Problem requirements
What lines in the entries hold the string "Notation"? List them.

Collected data entries:
Section PureStateSLD.
Variables (n : nat) (phi : 'cV[C]_n) (A : 'M[C]_n).
Hypotheses (phi_unit : adjmx phi *m phi = 1%:M) (A_herm : adjmx A = A).
Let rho := phi *m adjmx phi.
Let D := 'i%C *: (A *m rho - rho *m A).

Let rho_herm : adjmx rho = rho.
Proof. by rewrite adjmxM adjmxK. Qed.

Let rho_idem : rho *m rho = rho.
Proof. by rewrite mulmxA -(mulmxA phi) phi_unit mulmx1. Qed.

Lemma is_SLD_pure : is_SLD rho D (2%:R *: D).
Proof.
rewrite /D; clearbody rho; split.
  rewrite !adjmxZ adjmxB (adjmxM A) (adjmxM rho) rho_herm A_herm rmorph_nat conjCi.
  by rewrite scaleNr -scalerN opprB.
rewrite -scalemxAl -scalemxAr -scalerDr scalerA mulVf ?pnatr_eq0 // scale1r.
rewrite -scalemxAl -scalemxAr -scalerDr; congr (_ *: _).
by rewrite mulmxBl mulmxBr -mulmxA rho_idem !mulmxA rho_idem addrA subrK.
Qed.

Let rho_phi : rho *m phi = phi.
Proof. by rewrite -mulmxA phi_unit mulmx1. Qed.

Let rho_mulmx X : rho *m X *m phi = expval phi X *: phi.
Proof. by rewrite -!mulmxA (mulmxA _ X) expvalE mul_mx_scalar. Qed.

Let D_phi : D *m phi = 'i%C *: (A *m phi - expval phi A *: phi).
Proof. by rewrite -scalemxAl mulmxBl -mulmxA rho_phi rho_mulmx. Qed.

Lemma SLD_pure_mulmx L : is_SLD rho D L ->
  L *m phi = (2%:R * 'i%C) *: (A *m phi - expval phi A *: phi).
Proof.
move=> [_ DL].
have Lphi : L *m phi + expval phi L *: phi = 2%:R *: (D *m phi).
  rewrite DL -scalemxAl scalerA mulfV ?pnatr_eq0 // scale1r.
  by rewrite mulmxDl -mulmxA rho_phi rho_mulmx.
(* sandwiching the SLD equation between adjmx phi and phi gives 2 <L> = 0 *)
have L0 : expval phi L = 0.
  have := congr1 (fun v => (adjmx phi *m v) 0 0) Lphi.
  rewrite /= D_phi mulmxDr -!scalemxAr mulmxBr -scalemxAr mulmxA expvalE.
  rewrite mulmxA expvalE phi_unit !scalemx1 subrr !scaler0 !mxE /= mulr1n.
  by move/eqP; rewrite -mulr2n mulrn_eq0 /= => /eqP.
by rewrite -[LHS]addr0 -(scale0r phi) -L0 Lphi D_phi scalerA.
Qed.

Lemma tr_SLD_sqr_pure L : is_SLD rho D L ->
  \tr (L *m L *m rho) = 4 * (expval phi (A *m A) - expval phi A ^+ 2).
Proof.
move=> SLD_L; have [L_herm _] := SLD_L.
have -> : \tr (L *m L *m rho) = (adjmx (L *m phi) *m (L *m phi)) 0 0.
  by rewrite /rho [in LHS]mulmxA mxtrace_mulC trace_mx11 adjmxM L_herm !mulmxA.
have Ar := expval_herm phi A_herm.
rewrite SLD_pure_mulmx // adjmxZ -scalemxAl -scalemxAr scalerA mxE.
have -> : (2%:R * 'i%C)^* * (2%:R * 'i%C) = 4 :> C.
  rewrite rmorphM rmorph_nat; apply/eqP; rewrite eq_complex /=.
  by apply/andP; split; apply/eqP; ring.
rewrite adjmxB adjmxZ adjmxM A_herm mulmxBl !mulmxBr -!scalemxAl -!scalemxAr.
rewrite !mulmxA -(mulmxA _ A A) !expvalE phi_unit Ar !mxE /= mulr1n.
congr (_ * _); ring.
Qed.

Lemma tr_SLD_pure :
  \tr (SLD rho D *m SLD rho D *m rho)
  = 4 * (expval phi (A *m A) - expval phi A ^+ 2).
Proof.
by apply: tr_SLD_sqr_pure; apply: xgetPex; exists (2%:R *: D); apply: is_SLD_pure.
Qed.

End PureStateSLD.

Section PureStateEnsemble.
Variables (n k : nat) (psi : 'cV[C]_n) (p : 'I_k -> R) (ps : 'I_k -> 'cV[C]_n).
Hypotheses (psi_unit : adjmx psi *m psi = 1%:M)
  (ens : is_ensemble (psi *m adjmx psi) p ps).
(* The Cauchy-Schwarz defects |psi_l - <psi|psi_l> psi|^2 = 1 - |<psi|psi_l>|^2
   have p-weighted sum 0, because <psi|rho|psi> = 1. *)
Let w l := (adjmx psi *m ps l) 0 0.
Let e l := ps l - w l *: psi.

Let adjmx_w l : adjmx (ps l) *m psi = ((w l)^*)%:M.
Proof.
rewrite -[psi in LHS]adjmxK -adjmxM [adjmx psi *m _]mx11_scalar -/(w l).
by apply/matrixP => i j; rewrite !ord1 !mxE eqxx !mulr1n.
Qed.

Let norm_e l : (adjmx (e l) *m e l) 0 0 = 1 - (w l)^* * w l.
Proof.
have [_ _ ps_unit _] := ens.
rewrite adjmxB adjmxZ mulmxBl !mulmxBr -!scalemxAl -!scalemxAr.
rewrite ps_unit psi_unit adjmx_w (mx11_scalar (adjmx psi *m _)) -/(w l) !mxE /=.
by rewrite !mulr1n mulr1 subrr subr0 mulrC.
Qed.

Let sum_w : \sum_l ((p l)%:C)%C * ((w l)^* * w l) = 1.
Proof.
have [_ _ _ rho_ens] := ens.
have : (adjmx psi *m (psi *m adjmx psi) *m psi) 0 0 = 1.
  by rewrite mulmxA psi_unit mul1mx psi_unit mxE.
rewrite rho_ens mulmx_sumr mulmx_suml summxE => <-; apply: eq_bigr => l _.
rewrite -scalemxAr -scalemxAl mxE (mulmxA (adjmx psi) (ps l)) -mulmxA adjmx_w.
by rewrite mul_mx_scalar mxE.
Qed.

Lemma pure_ensemble_parallel l :
  p l != 0 -> exists2 c : C, c^* * c = 1 & ps l = c *: psi.
Proof.
have [p_ge0 p_sum _ _] := ens.
have terms_ge0 l' : 0 <= ((p l')%:C)%C * (adjmx (e l') *m e l') 0 0.
  rewrite mulr_ge0 ?ler0c // adjmx_mul_self mxE mulr1n ler0c.
  by apply: sumr_ge0 => a _; apply: born_ge0.
have : \sum_l' ((p l')%:C)%C * (adjmx (e l') *m e l') 0 0 = 0.
  under eq_bigr do rewrite norm_e mulrBr mulr1.
  by rewrite sumrB sum_w -rmorph_sum p_sum rmorph1 subrr.
move/eqP; rewrite psumr_eq0 => [|l' _]; last exact: terms_ge0.
move=> /allP/(_ l (mem_index_enum l)).
rewrite mulf_eq0 => /orP[/eqP[->]|/eqP e0]; first by rewrite eqxx.
move=> _; exists (w l).
  by apply/eqP; rewrite eq_sym -subr_eq0 -norm_e e0.
by apply/eqP; rewrite -subr_eq0 -/(e l) (adjmx_mul_self_eq0 e0).
Qed.

End PureStateEnsemble.

Lemma expi_diag_mulmxE n (H : 'M[C]_n) (psi : 'cV[C]_n) a :
  (expi_diag H *m psi) a 0 = expi (complex.Re (H a a)) * psi a 0.
Proof. by rewrite mul_diag_mx !mxE. Qed.

Lemma born_expi_diag n (H : 'M[C]_n) (psi : 'cV[C]_n) :
  born (expi_diag H *m psi) =1 born psi.
Proof.
move=> a; apply: (@complexI R); rewrite !bornE expi_diag_mulmxE rmorphM.
by rewrite mulrACA conjC_expiM mul1r.
Qed.
Lemma spanned_box_meets_facets c a x b V : 0 < a -> lat c a x -> V `<=` lat c a ->
  spanned (lat c a) a V (box a x b) -> meets_facets a x b (box a x b `&` V).
Proof.
move=> a0 hx VL [[v0 hv0] nofacet] j t ht.
case bj: (b j) ht => ht; last first.
  case: ht => [->|[]//]; exists v0 => //.
  by have /andP := hv0.1 j; rewrite bj addr0; lra.
have [t' ht' other] : exists2 t', seg_vertex a (x ord0 j) (b j) t' &
    forall u, seg_vertex a (x ord0 j) true u -> u = t \/ u = t'.
  rewrite bj; case: ht => [->|[_ ->]].
  - by exists (x ord0 j + a) => [|u [->|[_ ->]]]; [right | left | right].
  - by exists (x ord0 j) => [|u [->|[_ ->]]]; [left | right | left].
apply: contrapT => none; apply: (nofacet _ (box_facet a0 hx bj ht')).
rewrite box_drop_dir // => v hv; split; first exact: hv.1.
have := box_lat_vertex a0 hx (conj hv.1 (VL _ hv.2)) j; rewrite bj.
by case/other => // vt; exfalso; apply: none; exists v.
Qed.

Lemma meets_facets_spanned_box (G : set pt) a x b V : 0 < a ->
  box a x b `&` V !=set0 -> meets_facets a x b (box a x b `&` V) ->
  spanned G a V (box a x b).
Proof.
move=> a0 ne meets; split=> // F' [x1 [b1 [x2 [b2 [_ e1 -> _ card]]]]] sub.
have [j /andP [b1j b2j]] : exists j, b1 j && ~~ b2 j.
  apply: contrapT => none; suff : (bdim b1 <= bdim b2)%N by move: card; lia.
  apply: subset_leq_card; apply/fintype.subsetP => i; rewrite !inE => b1i.
  by apply/negPn/negP => b2i; apply: none; exists i; rewrite b1i.
have bj : b j by rewrite (box_inj_dir a0 e1).
have [u hu uj] := meets j _ (or_introl erefl).
have [w hw wj] := meets j _ (or_intror (conj bj erefl)).
have /andP := sub u hu j; have /andP := sub w hw j.
by rewrite (negbTE b2j) addr0 uj wj; lra.
Qed.

End Lattice.

Section Coarsening.
Variables (R : realType) (d : nat) (a : R) (O eps : 'rV[R]_d).
Notation pt := 'rV[R]_d.
Notation fine := (lat O a).
Notation coarse := (lat (O + (a / 2) *: eps) (2 * a)).
Notation coarse_line j := (on_line (O ord0 j + a / 2 * eps ord0 j) (2 * a)).
Notation signs := (forall j, eps ord0 j = 1 \/ eps ord0 j = -1).

Lemma coarseP w : coarse w <-> forall j, coarse_line j (w ord0 j).
Proof. by split=> h j; move: (h j); rewrite !mxE. Qed.

Lemma coarse_near v : 0 < a -> signs -> fine v ->
  exists2 w, coarse w & forall j, close (a / 2) (v ord0 j) (w ord0 j).
Proof.
move=> a0 he hv.
have /fin_all_exists [w hw] :
    forall j, exists w, coarse_line j w /\ close (a / 2) (v ord0 j) w.
  by move=> j; have [w ? ?] := coarse_exists a0 (he j) (hv j); exists w.
exists (\row_j w j); first by apply/coarseP => j; rewrite mxE; apply: (hw j).1.
by move=> j; rewrite mxE; apply: (hw j).2.
Qed.

Lemma vor_coarseP w v : 0 < a -> coarse w ->
  vor coarse w v <-> forall j, close a (v ord0 j) (w ord0 j).
Proof.
move=> a0 hw; have a2 : 0 < 2 * a by lra.
by have := vor_latP v a2 hw; rewrite mulrAC divff ?mul1r // pnatr_eq0.
Qed.

Lemma active_near_coarse (P : seq pt) v w : 0 < a ->
  active_vertices fine P v -> coarse w -> (forall j, close (a / 2) (v ord0 j) (w ord0 j)) ->
  active_vertices coarse P w.
Proof.
move=> a0 [hv [p pP vp]] hw near; split=> //; exists p => //.
apply/(vor_coarseP _ a0 hw) => j; have := (vor_latP _ a0 hv).1 vp j.
by case: (near j); rewrite /close; lra.
Qed.

Lemma gface_box x b : 0 < a -> signs -> fine x ->
  exists y b', [/\ coarse y, gface fine coarse (box a x b) = box (2 * a) y b' &
    forall j w, seg_image (O ord0 j) a (eps ord0 j) (x ord0 j) (b j) w <->
                seg_vertex (2 * a) (y ord0 j) (b' j) w].
Proof.
move=> a0 he hx.
have /fin_all_exists [yb hyb] : forall j, exists yb : R * bool, forall w,
    seg_image (O ord0 j) a (eps ord0 j) (x ord0 j) (b j) w <-> seg_vertex (2 * a) yb.1 yb.2 w.
  by move=> j; have [y [b' h]] := seg_image_seg (b j) a0 (he j) (hx j); exists (y, b').
pose y : pt := \row_j (yb j).1; pose b' j := (yb j).2.
have segE j w : seg_image (O ord0 j) a (eps ord0 j) (x ord0 j) (b j) w <->
    seg_vertex (2 * a) (y ord0 j) (b' j) w by rewrite mxE; apply: hyb.
exists y, b'; split=> //.
  apply/coarseP => j.
  by have /segE [] : seg_vertex (2 * a) (y ord0 j) (b' j) (y ord0 j) by left.
rewrite /gface -[box (2 * a) y b']conv_box_vertex; last by lra.
congr (conv _); apply/seteqP; split=> [w [hw [v [bv fv] vw]] j | w hw].
  apply/segE; split; first by move/coarseP: hw.
  exists (v ord0 j); first exact: (box_lat_vertex a0 hx (conj bv fv)).
  exact: (vor_coarseP _ a0 hw).1 vw j.
have /fin_all_exists [u hu] : forall j, exists u,
    seg_vertex a (x ord0 j) (b j) u /\ close a u (w ord0 j).
  by move=> j; have /segE [_ [u ? ?]] := hw j; exists u.
have wc : coarse w by apply/coarseP => j; have /segE [] := hw j.
have uv : box_vertex a x b (\row_j u j) by move=> j; rewrite mxE; apply: (hu j).1.
split=> //; exists (\row_j u j).
  by split; [apply: box_vertex_box | apply: box_vertex_lat hx _ uv].
by apply/(vor_coarseP _ a0 wc) => j; rewrite mxE; apply: (hu j).2.
Qed.

Lemma gface_active (P : seq pt) f : 0 < a -> signs ->
  active_face fine a P f -> active_face coarse (2 * a) P (gface fine coarse f).
Proof.
move=> a0 he [[x [b [hx ->]]] span].
have [y [b' [hy -> segE]]] := gface_box b a0 he hx.
have meets := spanned_box_meets_facets a0 hx (fun v (av : active_vertices fine P v) => av.1) span.
have image_vertex v : (box a x b `&` active_vertices fine P) v ->
    exists2 w, (box (2 * a) y b' `&` active_vertices coarse P) w &
      forall j, close a (v ord0 j) (w ord0 j).
  move=> [bv av]; have [w hw near] := coarse_near a0 he av.1.
  have far j : close a (v ord0 j) (w ord0 j) by case: (near j); split; lra.
  exists w => //; split; last exact: active_near_coarse a0 av hw near.
  apply: box_vertex_box; first lra.
  move=> j; apply/segE; split; first by move/coarseP: hw.
  by exists (v ord0 j); first apply: (box_lat_vertex a0 hx (conj bv av.1)).
split; first by exists y, b'.
apply: meets_facets_spanned_box; first lra.
  by have [[v hv] _] := span; have [w hw _] := image_vertex v hv; exists w.
move=> j t /segE [tc [u hu ut]].
have [v hv vj] := meets j u hu; have [w hw vw] := image_vertex v hv.
exists w => //; rewrite -vj in ut.
have wc : coarse_line j (w ord0 j) by move/coarseP: hw.2.1.
exact: coarse_unique a0 (he j) (hv.2.1 j) tc wc ut (vw j).
Qed.

End Coarsening.

Section Grids.
Variables (R : realType) (d : nat).
Notation pt := 'rV[R]_d.

Lemma alphaS (lam : R) s : alpha lam (s + 1) = 2 * alpha lam s.
Proof. by rewrite /alpha exprzDr ?unitfE ?pnatr_eq0 // expr1z; ring. Qed.

Lemma alpha_gt0 (lam : R) s : 0 < lam -> 0 < alpha lam s.
Proof. by move=> lam0; apply: mulr_gt0 => //; apply: exprz_gt0; lra. Qed.

Lemma step_image_lat (G : set pt) a O eps : G = lat O a ->
  [set 2%:R *: (x - O) + O + (a / 2%:R) *: eps | x in G] = lat (O + (a / 2) *: eps) (2 * a).
Proof.
move=> ->; apply/seteqP; split=> [w [x hx <-] j | w hw].
  by have [k ek] := hx j; exists k; rewrite !mxE ek; ring.
exists (2%:R^-1 *: (w - O - (a / 2) *: eps) + O).
  by move=> j; have [k] := hw j; rewrite !mxE => ->; exists k; field.
by apply/rowP => j; rewrite !mxE; field.
Qed.

Lemma step_preimage_lat (G : set pt) a O eps c :
  [set 2%:R *: (x - O) + O + (a / 2%:R) *: eps | x in G] = lat c (2 * a) ->
  G = lat (2%:R^-1 *: (c + O - (a / 2) *: eps)) a.
Proof.
set f := fun x : pt => _; move=> e; apply/seteqP; split=> [x hx j | x hx].
  have /(_ j) [k] : lat c (2 * a) (f x) by rewrite -e; exists x.
  by rewrite !mxE => ek; exists k; lra.
have : lat c (2 * a) (f x).
  by move=> j; have [k] := hx j; rewrite !mxE => ->; exists k; field.
rewrite -e => -[x' hx' fx']; suff -> : x = x' by [].
apply/rowP => j; have := congr1 (fun m : pt => m ord0 j) fx'; rewrite /f /= !mxE; lra.
Qed.

Lemma grid_step_lat (G G' : set pt) a c : grid_step G G' a -> G = lat c a ->
  exists O eps : pt, [/\ forall j, eps ord0 j = 1 \/ eps ord0 j = -1,
    G = lat O a & G' = lat (O + (a / 2) *: eps) (2 * a)].
Proof.
move=> [O [eps [GO he ->]]] Gc.
have GO' : G = lat O a by rewrite Gc; apply: lat_shift; rewrite -Gc.
by exists O, eps; split=> //; apply: step_image_lat.
Qed.

Lemma grids_lat (lam : R) (G : int -> set pt) : G 0 = lattice lam ->
  (forall s, grid_step (G s) (G (s + 1)) (alpha lam s)) ->
  forall s, exists c, G s = lat c (alpha lam s).
Proof.
move=> G0 steps.
pose is_lat s := exists c, G s = lat c (alpha lam s).
have up s : is_lat s -> is_lat (s + 1).
  move=> [c Gs]; have [O [eps [_ _ e]]] := grid_step_lat (steps s) Gs.
  by rewrite /is_lat e alphaS; eexists.
have down s : is_lat (s + 1) -> is_lat s.
  move=> [c Gs]; have [O [eps [_ _ e]]] := steps s.
  by rewrite alphaS e in Gs; eexists; apply: step_preimage_lat Gs.
suff H (n : nat) : is_lat n /\ is_lat (- n%:Z).
  by case=> n; [apply: (H n).1 | rewrite NegzE; apply: (H n.+1).2].
elim: n => [|n [IHpos IHneg]].
  suff h0 : is_lat 0 by rewrite oppr0.
  exists 0; rewrite G0 /alpha expr0z mulr1; apply/seteqP; split=> p hp j;
    by have [k ek] := hp j; exists k; rewrite ek !mxE; ring.
split.
  have -> : n.+1 = n%:Z + 1 :> int by lia.
  exact: up.
apply: down; have -> : - n.+1%:Z + 1 = - n%:Z by lia.
exact: IHneg.
Qed.

End Grids.

Theorem lemma7 (R : realType) (d : nat) (lam : R) (G : int -> set 'rV[R]_d)
  (P : seq 'rV[R]_d) :
  (0 < d)%N -> 0 < lam ->
  G 0 = lattice lam ->
  (forall s : int, grid_step (G s) (G (s + 1)) (alpha lam s)) ->
  (forall (s : int) p y1 y2, p \in P -> G s y1 -> G s y2 ->
      vor (G s) y1 p -> vor (G s) y2 p -> y1 = y2) ->
  forall (s : int) (f : set 'rV[R]_d),
    active_face (G s) (alpha lam s) P f ->
    active_face (G (s + 1)) (alpha lam (s + 1)) P (gface (G s) (G (s + 1)) f).
Proof.
move=> _ lam0 G0 steps _ s f.
have [c Gs] := grids_lat G0 steps s.
have [O [eps [signs -> ->]]] := grid_step_lat (steps s) Gs.
by rewrite alphaS; apply: gface_active (alpha_gt0 s lam0) signs.
Qed.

Task result
Notation pt := 'rV[R]_d.
Notation fine := (lat O a).
Notation coarse := (lat (O + (a / 2) *: eps) (2 * a)).
Notation coarse_line j := (on_line (O ord0 j + a / 2 * eps ord0 j) (2 * a)).
Notation signs := (forall j, eps ord0 j = 1 \/ eps ord0 j = -1).
Notation pt := 'rV[R]_d.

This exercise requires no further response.